Он сидел и думал, что, пожалуй, обидно и глубоко ошибся, согласившись на руководство отделом, что ему трудно вести отдел и связывать воедино столько проблем, стремлений, характеров. Когда его назначали, он был значительно моложе, тогда его вело честолюбие, оно руководило всеми его поступками и помыслами. И тогда конечно же так рассуждать он не мог. Собственно, по-иному начал мыслить совсем недавно. Раньше все время куда-то порывался, куда-то спешил. Еще одна статья о нем в газете, еще одна собственная публикация, а впереди ведь еще звание академика, а может, и должность патрона своей отрасли… И только недавно он стал понимать, что не очень этого хочет. Ни академика, ни патрона; когда впервые понял это — даже немного испугался. «Неужели, — подумал, — это наивысшая точка, какой достигли мои желания, мое сердце. А дальше — спуск… вниз. Ну, еще одна публикация, еще одна статья. Да хоть новейшим Эйнштейном объявят завтра, ну и что из этого?»

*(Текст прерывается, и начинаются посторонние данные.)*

Lemma sum3_shift (R : pzRingType) (I J K : finType) (F G : I -> J -> K -> R)
    (m : I -> J -> K -> nat) (D : R) :
  (forall i j k, G i j k = F i j k + (m i j k)%:R * D) ->
  \sum_i \sum_j \sum_k G i j k =
  \sum_i \sum_j \sum_k F i j k + (\sum_i \sum_j \sum_k m i j k)%:R * D.
Proof.
move=> GE; rewrite natr_sum mulr_suml -big_split; apply: eq_bigr => i _.
rewrite natr_sum mulr_suml -big_split; apply: eq_bigr => j _.
by rewrite natr_sum mulr_suml -big_split; apply: eq_bigr => k _.
Qed.

Lemma Re_unit_inv (R : realType) (z w : R[i]) :
  `|z| = 1 -> z * w = 1 -> complex.Re w = complex.Re z.
Proof.
case: z => a b; case: w => c d; rewrite normc_def /= => z1 [E1 E2].
have ab1 : a ^+ 2 + b ^+ 2 = 1.
  by case: z1 => s1; rewrite -[LHS]sqr_sqrtr ?s1 ?expr1n // addr_ge0 // sqr_ge0.
have -> : c = a * (a * c - b * d) + b * (a * d + b * c).
  by rewrite -[LHS]mulr1 -ab1; ring.
by rewrite E1 E2; ring.
Qed.

Section Energies.
Variables (R : realType) (n N : nat) (rho : 'Z_n -> R[i]) (beta kappa : R).
Hypothesis rho_morph : forall a b : 'Z_n, rho (a + b) = rho a * rho b.
Hypothesis rho_unit : forall g : 'Z_n, `|rho g| = 1.

Lemma rho0 : rho 0 = 1.
Proof.
have r0 : rho 0 != 0.
  by apply/eqP => r0; move: (rho_unit 0); rewrite r0 normr0 => /eqP; rewrite eq_sym oner_eq0.
by apply: (mulfI r0); rewrite -rho_morph addr0 mulr1.
Qed.

Lemma Re_rhoN x : complex.Re (rho (- x)) = complex.Re (rho x).
Proof. by apply: Re_unit_inv => //; rewrite -rho_morph subrr rho0. Qed.

Definition plaq_energy (s : config n N) : R :=
  \sum_(c : bcoord N) \sum_(i : 'I_4) \sum_(j : 'I_4)
      (if in_PN N (toV c, i, j) then complex.Re (rho (dsig s (toV c, i, j))) else 0).

Definition edge_energy (s : config n N) : R :=
  \sum_(c : bcoord N) \sum_(i : 'I_4) \sum_(b : bool)
      (if in_EN N (toV c, i, b) then complex.Re (rho (sig_at s (toV c, i, b))) else 0).

Lemma hamilE s : hamil rho beta kappa s = beta * plaq_energy s + kappa * edge_energy s.
Proof. by []. Qed.

Variable gamma : seq oedge.
Hypothesis box_gamma :
  forall e p e', e \in gamma -> hatbd e p -> e' \in bd p -> in_EN N e'.

Lemma plaq_term_shift (s : config n N) e0 g h p : e0 \in gamma -> in_EN N e0 ->
  (forall q, hatbd e0 q -> dsig s q = h) ->
  (if in_PN N p then complex.Re (rho (dsig (s + delta N e0 g) p)) else 0) =
  (if in_PN N p then complex.Re (rho (dsig s p)) else 0) +
  ((is_plaq p && ((e0 \in bd p) || (eneg e0 \in bd p))) : nat)%:R *
    (complex.Re (rho (h + g)) - complex.Re (rho h)).
Proof.
move=> g0 E0 flat.
case pp: (is_plaq p); last by rewrite /in_PN pp /= mul0r addr0.
case e0p: ((e0 \in bd p) || (eneg e0 \in bd p)); last first.
  by move/negbT: e0p; rewrite negb_or => /andP [? ?]; rewrite dsig_shift_out // mul0r addr0.
rewrite (in_PN_around box_gamma g0 pp e0p) mul1r.
case e0p': (e0 \in bd p).
  by rewrite dsig_shift_in // flat // [RHS]addrC subrK.
move: e0p; rewrite e0p' orFb => Ne0p.
have hr : dsig s p = - h.
  by rewrite -(flat (rev_plaq p)) ?dsig_rev ?opprK //; split; rewrite ?is_plaq_rev ?bd_rev.
by rewrite dsig_shift_neg // hr -opprD !Re_rhoN [RHS]addrC subrK.
Qed.

Lemma plaq_energy_shift (s : config n N) e0 g h : e0 \in gamma -> in_EN N e0 ->
  (forall p, hatbd e0 p -> dsig s p = h) ->
  plaq_energy (s + delta N e0 g) =
  plaq_energy s + 12%:R * (complex.Re (rho (h + g)) - complex.Re (rho h)).
Proof.
move=> g0 E0 flat; rewrite /plaq_energy.
rewrite (sum3_shift (fun c i j => @plaq_term_shift s e0 g h (toV c, i, j) g0 E0 flat)).
by move: g0 E0 {flat}; case: e0 => [[x k] b] g0 E0; rewrite (count_plaq box_gamma g0 E0).
Qed.

Lemma edge_term_shift (s : config n N) x k b0 g y i b : in_EN N (x, k, b0) ->
  (if in_EN N (y, i, b) then complex.Re (rho (sig_at (s + delta N (x, k, b0) g) (y, i, b)))
   else 0) =
  (if in_EN N (y, i, b) then complex.Re (rho (sig_at s (y, i, b))) else 0) +
  (((y == x) && (i == k)) : nat)%:R *
    (complex.Re (rho (sig_at s (x, k, b0) + g)) - complex.Re (rho (sig_at s (x, k, b0)))).
Proof.
move=> E0; rewrite sig_at_shift // /delta_at /eneg /= !xpair_eqE.
have [-> /=|yx] := eqVneq y x; last by rewrite /= mul0r !addr0.
have [-> /=|ik] := eqVneq i k; last by rewrite /= mul0r !addr0.
rewrite mul1r; have [-> /=|bb0] := eqVneq b b0; first by rewrite E0 [RHS]addrC subrK.
have -> : b = ~~ b0 by move: bb0; case: b; case: (b0).
rewrite eqxx -[(x, k, ~~ b0)]/(eneg (x, k, b0)) in_EN_eneg E0 sig_at_eneg.
by rewrite -opprD !Re_rhoN [RHS]addrC subrK.
Qed.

Вместе с этим он понимал, что ничего другого нет и быть не может. Иного просто не дала природа. Он и дальше будет умножать публикации и, может, продвигаться вперед («В меру своих скромных сил» — это уже ирония), но это вряд ли будет вызываемо желанием, тем страстным желанием, каким он когда-то жил. Наверное, это все означало «звонок», близкий конец; пожалуй, это и было законом того предконца жизни, что гасил порывы и желания. «И все-таки не ею, не наивысшей точкой живет человек, — подумалось ему. — Он живет укладыванием тех кирпичиков, созерцанием, преимущественно в изумлении от того, что возвел своим умом и своими руками, живет работой. Работа держит нас на свете. Я сам умру, а ее оставлю своим детям».
Рядом с Дмитрием Ивановичем разговаривали студенты-первокурсники, те, которые уступили ему место. Они разговаривали громко, умышленно громко, чтобы обратить на себя внимание окружающих, — пылко и горячо. И Дмитрий Иванович невольно прислушался.
— Гегель говорил: тезис, антитезис, синтез, — стучал по коричневому портфелю пальцами чернявый парнишка с крючковатым носом.
— Ну и что? — встряхивал русым, падавшим на глаза чубом другой. — Он просто развил постулат Аристотеля…
Дмитрий Иванович улыбнулся. Настроение этих ребят, их горячность и порыв решительно контрастировали с тем, о чем он думал сейчас. А еще улыбнулся тому, что вспомнил, как сам когда-то вот так же дискутировал о Канте, Гегеле, Фейербахе.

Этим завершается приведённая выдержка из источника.